▶ **What is expected**: Search the material and gather each line with "Hshift" in it.

▶ **Input data**:
============

(* Let $n,m\ge2$, $s>0$. The function $f:\Omega_{L_n,m}\to\mathbb R$, \[f(\xi)=\sum_{k=1}^{n-1}\sin\Big(\frac{\pi k}{n}\Big)\Big(\sum_{i=1}^k\xi(i)-\frac{mk}{n}\Big),\] is an eigenfunction of the generator $\mathcal L^{\mathrm{BB}(L_n,s,m)}$ with eigenvalue $\lambda=\frac{1}{n-1}\big(\cos(\pi/n)-1\big)$, i.e. $\mathcal L^{\mathrm{BB}(L_n,s,m)}f=\lambda f$.
   Context: $L_n$ is the line graph on $\{1,\dots,n\}$ with edges $\{k,k+1\}$, all weights 1. $\Omega_{L_n,m}=\{\xi\in\mathbb N_0^{\{1,\dots,n\}}:\sum_i\xi(i)=m\}$. $\mathcal L^{\mathrm{BB}(L_n,s,m)}g=\sum_{k=1}^{n-1}\frac{1}{n-1}(\mathcal P_{\{k,k+1\}}g-g)$, where $\mathcal P_{\{k,k+1\}}g(\xi)=\mathbb E[g(\xi')]$ with $\xi'(k)=X$, $\xi'(k+1)=\xi(k)+\xi(k+1)-X$, $\xi'(j)=\xi(j)$ otherwise, and $X\sim\mathrm{BetaBin}(\xi(k)+\xi(k+1),s,s)$. *)

From Stdlib Require Import Reals Lra Lia List Arith.
Open Scope R_scope.

(* Sum of F i over lo <= i <= hi (empty if hi < lo). *)
Definition sumR (lo hi : nat) (F : nat -> R) : R :=
  fold_right (fun i acc => F i + acc) 0 (seq lo (S hi - lo)).

Definition sumN (lo hi : nat) (F : nat -> nat) : nat :=
  fold_right (fun i acc => (F i + acc)%nat) 0%nat (seq lo (S hi - lo)).

Fixpoint rising (x : R) (k : nat) : R :=
  match k with
  | O => 1
  | S k' => rising x k' * (x + INR k')
  end.

(* Beta-binomial pmf BetaBin(N, a, b) at j:
   C(N,j) B(j+a, N-j+b)/B(a,b) = C(N,j) (a)_j (b)_(N-j) / (a+b)_N. *)
Definition betabin_pmf (N : nat) (a b : R) (j : nat) : R :=
  C N j * rising a j * rising b (N - j) / rising (a + b) N.

(* Configurations: xi : nat -> nat, sites 1..n. *)
Definition config := nat -> nat.

Definition upd (xi : config) (k x : nat) : config :=
  fun j => if Nat.eqb j k then x
           else if Nat.eqb j (S k) then (xi k + xi (S k) - x)%nat
           else xi j.

Definition P_edge (s : R) (k : nat) (g : config -> R) (xi : config) : R :=
  let N := (xi k + xi (S k))%nat in
  sumR 0 N (fun x => betabin_pmf N s s x * g (upd xi k x)).

Definition gen_BB (n : nat) (s : R) (g : config -> R) (xi : config) : R :=
  sumR 1 (n - 1) (fun k => / INR (n - 1) * (P_edge s k g xi - g xi)).

Definition in_Omega (n m : nat) (xi : config) : Prop :=
  (forall i, (i = 0 \/ n < i)%nat -> xi i = 0%nat) /\ sumN 1 n xi = m.

Definition f_eig (n m : nat) (xi : config) : R :=
  sumR 1 (n - 1) (fun k =>
    sin (PI * INR k / INR n) *
    (sumR 1 k (fun i => INR (xi i)) - INR m * INR k / INR n)).

(* Write h_k = xi(1) + ... + xi(k) for the height function and
   T_k = h_k - m k / n for its centred version, so that
   f = sum_{k=1}^{n-1} a_k T_k with the sine mode a_k = sin(pi k / n).

   1. Resampling the edge {k,k+1} moves the height h_k alone, by X - xi(k);
      hence f(xi') - f(xi) = a_k (X - xi(k)) is affine in X.
   2. BetaBin(N,s,s) is a probability law (Chu-Vandermonde identity for rising
      factorials) and is symmetric under j <-> N - j, so its mean is N/2.
      Therefore P_{k,k+1} f - f = a_k (xi(k+1) - xi(k)) / 2.
   3. xi(k+1) - xi(k) is the discrete Laplacian of T at k, T vanishes at 0 and
      at n (total mass m), and a is a Dirichlet eigenvector of that Laplacian:
      a_{k-1} + a_{k+1} = 2 cos(pi/n) a_k with a_0 = a_n = 0.  Summation by
      parts then gives sum_k a_k (xi(k+1) - xi(k)) = 2 (cos(pi/n) - 1) f. *)

From Stdlib Require Import Reals Lra Lia List.
Open Scope R_scope.

Lemma sumR_nil lo hi F : (hi < lo)%nat -> sumR lo hi F = 0.
Proof. intros H; unfold sumR; replace (S hi - lo)%nat with 0%nat by lia; reflexivity. Qed.

Lemma sumR_first lo hi F : (lo <= hi)%nat -> sumR lo hi F = F lo + sumR (S lo) hi F.
Proof.
  intros H; unfold sumR.
  replace (S hi - lo)%nat with (S (S hi - S lo)) by lia; reflexivity.
Qed.

Lemma sumR_S lo hi F : (lo <= S hi)%nat -> sumR lo (S hi) F = sumR lo hi F + F (S hi).
Proof.
  intros H; unfold sumR.
  replace (S (S hi) - lo)%nat with (S (S hi - lo)) by lia.
  rewrite seq_S, fold_right_app.
  replace (lo + (S hi - lo))%nat with (S hi) by lia; simpl (fold_right _ 0 (S hi :: nil)).
  generalize (seq lo (S hi - lo)); intro l; induction l as [|i l IH]; simpl.
  - ring.
  - rewrite IH; ring.
Qed.

Lemma sumR_shift lo hi F : sumR (S lo) (S hi) F = sumR lo hi (fun j => F (S j)).
Proof.
  unfold sumR; rewrite Nat.sub_succ, <- seq_shift.
  generalize (seq lo (S hi - lo)); intro l; induction l as [|i l IH]; simpl.
  - reflexivity.
  - rewrite IH; reflexivity.
Qed.

Lemma sumR_ext lo hi F G : (forall i, (lo <= i <= hi)%nat -> F i = G i) ->
  sumR lo hi F = sumR lo hi G.
Proof.
  intros H; unfold sumR.
  assert (Hin : forall i, In i (seq lo (S hi - lo)) -> F i = G i)
    by (intros i Hi; apply in_seq in Hi; apply H; lia).
  revert Hin; generalize (seq lo (S hi - lo)); intro l.
  induction l as [|i l IH]; intros Hin; simpl.
  - reflexivity.
  - rewrite (Hin i) by (simpl; auto).
    rewrite IH by (intros j Hj; apply Hin; simpl; auto); reflexivity.
Qed.

Lemma sumR_plus lo hi F G :
  sumR lo hi (fun i => F i + G i) = sumR lo hi F + sumR lo hi G.
Proof.
  unfold sumR; generalize (seq lo (S hi - lo)); intro l.
  induction l as [|i l IH]; simpl; [ring | rewrite IH; ring].
Qed.

Lemma sumR_scal lo hi F u : sumR lo hi (fun i => u * F i) = u * sumR lo hi F.
Proof.
  unfold sumR; generalize (seq lo (S hi - lo)); intro l.
  induction l as [|i l IH]; simpl; [ring | rewrite IH; ring].
Qed.

Lemma sumN_INR lo hi F : INR (sumN lo hi F) = sumR lo hi (fun i => INR (F i)).
Proof.
  unfold sumN, sumR; generalize (seq lo (S hi - lo)); intro l.
  induction l as [|i l IH]; simpl; [reflexivity | rewrite plus_INR, IH; reflexivity].
Qed.

Lemma sumR_reflect N F : sumR 0 N F = sumR 0 N (fun j => F (N - j)%nat).
Proof.
  revert F; induction N as [|N IH]; intros F; [reflexivity|].
  rewrite sumR_S, (sumR_first 0 (S N)), sumR_shift, (IH F) by lia.
  rewrite Nat.sub_0_r; simpl; ring.
Qed.

Lemma sumR_telescope M g : sumR 1 M (fun k => g k - g (k - 1)%nat) = g M - g 0%nat.
Proof.
  induction M as [|M IH]; [rewrite sumR_nil by lia; ring|].
  rewrite sumR_S, IH by lia; simpl; rewrite Nat.sub_0_r; ring.
Qed.

Lemma sumR_delta k c hi : (1 <= k)%nat ->
  sumR 1 hi (fun j => if Nat.eqb j k then c else 0) = if Nat.leb k hi then c else 0.
Proof.
  intros Hk; induction hi as [|hi IH].
  - rewrite sumR_nil by lia; destruct (Nat.leb_spec k 0); [lia | reflexivity].
  - rewrite sumR_S, IH by lia.
    destruct (Nat.eqb_spec (S hi) k), (Nat.leb_spec k hi), (Nat.leb_spec k (S hi));
      try lia; ring.
Qed.

Lemma rising_pos x k : 0 < x -> 0 < rising x k.
Proof.
  intros Hx; induction k as [|k IH]; simpl; [lra|].
  apply Rmult_lt_0_compat; [exact IH | pose proof (pos_INR k); lra].
Qed.

Lemma C_diag k : C k k = 1.
Proof. unfold C; rewrite Nat.sub_diag; simpl; field; apply INR_fact_neq_0. Qed.

Lemma C_zero k : C k 0 = 1.
Proof. unfold C; rewrite Nat.sub_0_r; simpl; field; apply INR_fact_neq_0. Qed.

Lemma sum_pascal N G :
  sumR 0 (S N) (fun j => C (S N) j * G j) = sumR 0 N (fun j => C N j * (G j + G (S j))).
Proof.
  assert (Hshift : sumR 0 N (fun j => C N j * G (S j))
                   = sumR 1 N (fun j => C N (j - 1) * G j) + C N N * G (S N)).
  { transitivity (sumR 1 (S N) (fun j => C N (j - 1) * G j)).
    - rewrite sumR_shift; apply sumR_ext; intros j _; simpl; rewrite Nat.sub_0_r; reflexivity.
    - rewrite sumR_S by lia; simpl; rewrite Nat.sub_0_r; reflexivity. }
  rewrite (sumR_ext 0 N _ (fun j => C N j * G j + C N j * G (S j))) by (intros; ring).
  rewrite sumR_plus, Hshift, sumR_S, !(sumR_first 0) by lia.
  rewrite !C_zero, !C_diag.
  rewrite (sumR_ext 1 N (fun j => C (S N) j * G j)
             (fun j => C N j * G j + C N (j - 1) * G j)).
  - rewrite sumR_plus; ring.
  - intros j Hj; rewrite <- Rmult_plus_distr_r; f_equal.
    replace j with (S (j - 1)) at 1 2 by lia.
    rewrite <- pascal by lia; replace (S (j - 1)) with j by lia; ring.
Qed.

Lemma rising_vandermonde a b N :
  sumR 0 N (fun j => C N j * (rising a j * rising b (N - j))) = rising (a + b) N.
Proof.
  induction N as [|N IH]; [unfold sumR; simpl; rewrite C_zero; ring|].
  rewrite sum_pascal; change (rising (a + b) (S N)) with (rising (a + b) N * (a + b + INR N)).
  rewrite <- IH, Rmult_comm, <- sumR_scal.
  apply sumR_ext; intros j Hj.
  replace (S N - j)%nat with (S (N - j)) by lia; rewrite Nat.sub_succ.
  simpl rising; rewrite minus_INR by lia; ring.
Qed.

Lemma betabin_total N a b : 0 < a -> 0 < b -> sumR 0 N (betabin_pmf N a b) = 1.
Proof.
  intros Ha Hb.
  assert (Hpos : 0 < rising (a + b) N) by (apply rising_pos; lra).
  unfold betabin_pmf.
  rewrite (sumR_ext 0 N _ (fun j => / rising (a + b) N * (C N j * (rising a j * rising b (N - j)))))
    by (intros; unfold Rdiv; ring).
  rewrite sumR_scal, rising_vandermonde; field; lra.
Qed.

Lemma betabin_symmetric N s j : (j <= N)%nat -> betabin_pmf N s s (N - j) = betabin_pmf N s s j.
Proof.
  intros H; unfold betabin_pmf.
  replace (N - (N - j))%nat with j by lia.
  rewrite <- (pascal_step1 N j H); unfold Rdiv; ring.
Qed.

(* Hence BetaBin(N,s,s) has mean N/2. *)
Lemma betabin_mean N s : 0 < s -> sumR 0 N (fun j => betabin_pmf N s s j * INR j) = INR N / 2.
Proof.
  intros Hs.
  assert (Hrefl := sumR_reflect N (fun j => betabin_pmf N s s j * INR j)); simpl in Hrefl.
  rewrite (sumR_ext 0 N (fun j => betabin_pmf N s s (N - j) * INR (N - j))
                        (fun j => INR N * betabin_pmf N s s j
                                    + -1 * (betabin_pmf N s s j * INR j))) in Hrefl.
  - rewrite sumR_plus, !sumR_scal, betabin_total in Hrefl by lra; lra.
  - intros j Hj; rewrite betabin_symmetric, minus_INR by lia; ring.
Qed.

Lemma P_edge_affine s k g xi c d : 0 < s ->
  (forall x, (x <= xi k + xi (S k))%nat -> g (upd xi k x) = c + d * INR x) ->
  P_edge s k g xi = c + d * INR (xi k + xi (S k)) / 2.
Proof.
  intros Hs Hg; unfold P_edge.
  set (N := (xi k + xi (S k))%nat).
  rewrite (sumR_ext 0 N _ (fun x => c * betabin_pmf N s s x + d * (betabin_pmf N s s x * INR x))).
  - rewrite sumR_plus, !sumR_scal, betabin_total, betabin_mean by lra; field.
  - intros x Hx; rewrite Hg by (unfold N in Hx; lia); ring.
Qed.

Definition height (xi : config) (k : nat) : R := sumR 1 k (fun i => INR (xi i)).

Definition sine_mode (n k : nat) : R := sin (PI * INR k / INR n).

Definition centred_height (n m : nat) (xi : config) (k : nat) : R :=
  height xi k - INR m * INR k / INR n.

Lemma f_eig_modes n m xi :
  f_eig n m xi = sumR 1 (n - 1) (fun k => sine_mode n k * centred_height n m xi k).
Proof. reflexivity. Qed.

Lemma height_upd xi k x : (1 <= k)%nat -> (x <= xi k + xi (S k))%nat -> forall j,
  height (upd xi k x) j = height xi j + (if Nat.eqb j k then INR x - INR (xi k) else 0).
Proof.
  intros Hk Hx j; unfold height; induction j as [|j IH].
  - rewrite !sumR_nil by lia; destruct (Nat.eqb_spec 0 k); [lia | ring].
  - rewrite !sumR_S, IH by lia; unfold upd.
    destruct (Nat.eqb_spec (S j) k), (Nat.eqb_spec j k), (Nat.eqb_spec (S j) (S k));
      try lia; subst; try ring.
    rewrite minus_INR, plus_INR by lia; ring.
Qed.

Lemma f_eig_upd n m xi k x : (1 <= k <= n - 1)%nat -> (x <= xi k + xi (S k))%nat ->
  f_eig n m (upd xi k x) = f_eig n m xi + sine_mode n k * (INR x - INR (xi k)).
Proof.
  intros Hk Hx; rewrite !f_eig_modes.
  rewrite (sumR_ext 1 (n - 1) _ (fun j => sine_mode n j * centred_height n m xi j
             + (if Nat.eqb j k then sine_mode n k * (INR x - INR (xi k)) else 0))).
  - rewrite sumR_plus, sumR_delta by lia.
    destruct (Nat.leb_spec k (n - 1)); [reflexivity | lia].
  - intros j _; unfold centred_height; rewrite height_upd by lia.
    destruct (Nat.eqb_spec j k); subst; ring.
Qed.

(* Averaging over X ~ BetaBin(N,s,s), whose mean is N/2. *)
Lemma P_edge_f_eig n m s xi k : 0 < s -> (1 <= k <= n - 1)%nat ->
  P_edge s k (f_eig n m) xi
  = f_eig n m xi + sine_mode n k * (INR (xi (S k)) - INR (xi k)) / 2.
Proof.
  intros Hs Hk.
  rewrite (P_edge_affine s k _ xi (f_eig n m xi - sine_mode n k * INR (xi k)) (sine_mode n k)).
  - rewrite plus_INR; field.
  - exact Hs.
  - intros x Hx; rewrite f_eig_upd by lia; ring.
Qed.

Lemma summation_by_parts (a T : nat -> R) (c : R) (n : nat) : (1 <= n)%nat ->
  a 0%nat = 0 -> a n = 0 -> T 0%nat = 0 -> T n = 0 ->
  (forall k, (1 <= k <= n - 1)%nat -> a (k - 1)%nat + a (S k) = 2 * c * a k) ->
  sumR 1 (n - 1) (fun k => a k * (T (S k) + T (k - 1)%nat - 2 * T k))
  = (2 * c - 2) * sumR 1 (n - 1) (fun k => a k * T k).
Proof.
  intros Hn Ha0 Han HT0 HTn Hrec.
  set (g := fun k => a k * T (S k)).
  set (h := fun k => - (a (S k) * T k)).
  rewrite (sumR_ext 1 (n - 1) _ (fun k => (g k - g (k - 1)%nat)
             + ((h k - h (k - 1)%nat) + (2 * c - 2) * (a k * T k)))).
  - rewrite !sumR_plus, !sumR_telescope, sumR_scal.
    unfold g, h; replace (S (n - 1)) with n by lia.
    rewrite Ha0, Han, HT0, HTn; ring.
  - intros k Hk; unfold g, h; replace (S (k - 1)) with k by lia.
    replace (a (k - 1)%nat) with (2 * c * a k - a (S k)) by (rewrite <- Hrec by lia; ring).
    ring.
Qed.

(* The Chebyshev recurrence sin(x - y) + sin(x + y) = 2 cos y sin x. *)
Lemma sine_mode_recurrence n k : (1 <= n)%nat -> (1 <= k)%nat ->
  sine_mode n (k - 1) + sine_mode n (S k) = 2 * cos (PI / INR n) * sine_mode n k.
Proof.
  intros Hn Hk; assert (INR n <> 0) by (apply not_0_INR; lia).
  unfold sine_mode.
  replace (PI * INR (k - 1) / INR n) with (PI * INR k / INR n - PI / INR n)
    by (rewrite minus_INR by lia; simpl; field; auto).
  replace (PI * INR (S k) / INR n) with (PI * INR k / INR n + PI / INR n)
    by (rewrite S_INR; field; auto).
  rewrite sin_minus, sin_plus; ring.
Qed.

Lemma sine_mode_boundary n : (1 <= n)%nat -> sine_mode n 0 = 0 /\ sine_mode n n = 0.
Proof.
  intros Hn; assert (INR n <> 0) by (apply not_0_INR; lia).
  unfold sine_mode; split.
  - rewrite INR_0, Rmult_0_r, Rdiv_0_l; apply sin_0.
  - replace (PI * INR n / INR n) with PI by (field; auto); apply sin_PI.
Qed.

Lemma centred_height_boundary n m xi : (1 <= n)%nat -> height xi n = INR m ->
  centred_height n m xi 0 = 0 /\ centred_height n m xi n = 0.
Proof.
  intros Hn Hmass; assert (INR n <> 0) by (apply not_0_INR; lia).
  unfold centred_height; split.
  - unfold height; rewrite sumR_nil by lia; simpl; field; auto.
  - rewrite Hmass; field; auto.
Qed.

Lemma centred_height_laplacian n m xi k : (1 <= k)%nat ->
  INR (xi (S k)) - INR (xi k)
  = centred_height n m xi (S k) + centred_height n m xi (k - 1) - 2 * centred_height n m xi k.
Proof.
  intros Hk; destruct k as [|k]; [lia|].
  unfold centred_height, height; rewrite Nat.sub_succ, Nat.sub_0_r.
  rewrite !sumR_S by lia; rewrite !S_INR; unfold Rdiv; ring.
Qed.

Theorem mainTheorem11 (n m : nat) (s : R) :
  (2 <= n)%nat -> (2 <= m)%nat -> 0 < s ->
  forall xi : config, in_Omega n m xi ->
  gen_BB n s (f_eig n m) xi =
  / INR (n - 1) * (cos (PI / INR n) - 1) * f_eig n m xi.
Proof.
  intros Hn _ Hs xi [_ Hmass].
  assert (Hn1 : INR (n - 1) <> 0) by (apply not_0_INR; lia).
  assert (Hheight : height xi n = INR m)
    by (unfold height; rewrite <- sumN_INR, Hmass; reflexivity).
  destruct (sine_mode_boundary n) as [Ha0 Han]; [lia|].
  destruct (centred_height_boundary n m xi) as [HT0 HTn]; [lia | exact Hheight|].
  (* Each edge contributes a_k (xi(k+1) - xi(k)) / 2, a Laplacian of T. *)
  unfold gen_BB.
  rewrite (sumR_ext 1 (n - 1) _ (fun k => / INR (n - 1) / 2 * (sine_mode n k *
             (centred_height n m xi (S k) + centred_height n m xi (k - 1)
              - 2 * centred_height n m xi k)))).
  2:{ intros k Hk; rewrite P_edge_f_eig, <- centred_height_laplacian by (assumption || lia); field; exact Hn1. }
  (* Summation by parts against the Dirichlet eigenvector a. *)
  rewrite sumR_scal, (summation_by_parts _ _ (cos (PI / INR n))); try (assumption || lia).
  - rewrite <- f_eig_modes; field; exact Hn1.
  - intros k Hk; apply sine_mode_recurrence; lia.
Qed.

============

▶ **Your solution**:
  assert (Hshift : sumR 0 N (fun j => C N j * G (S j))
  rewrite sumR_plus, Hshift, sumR_S, !(sumR_first 0) by lia.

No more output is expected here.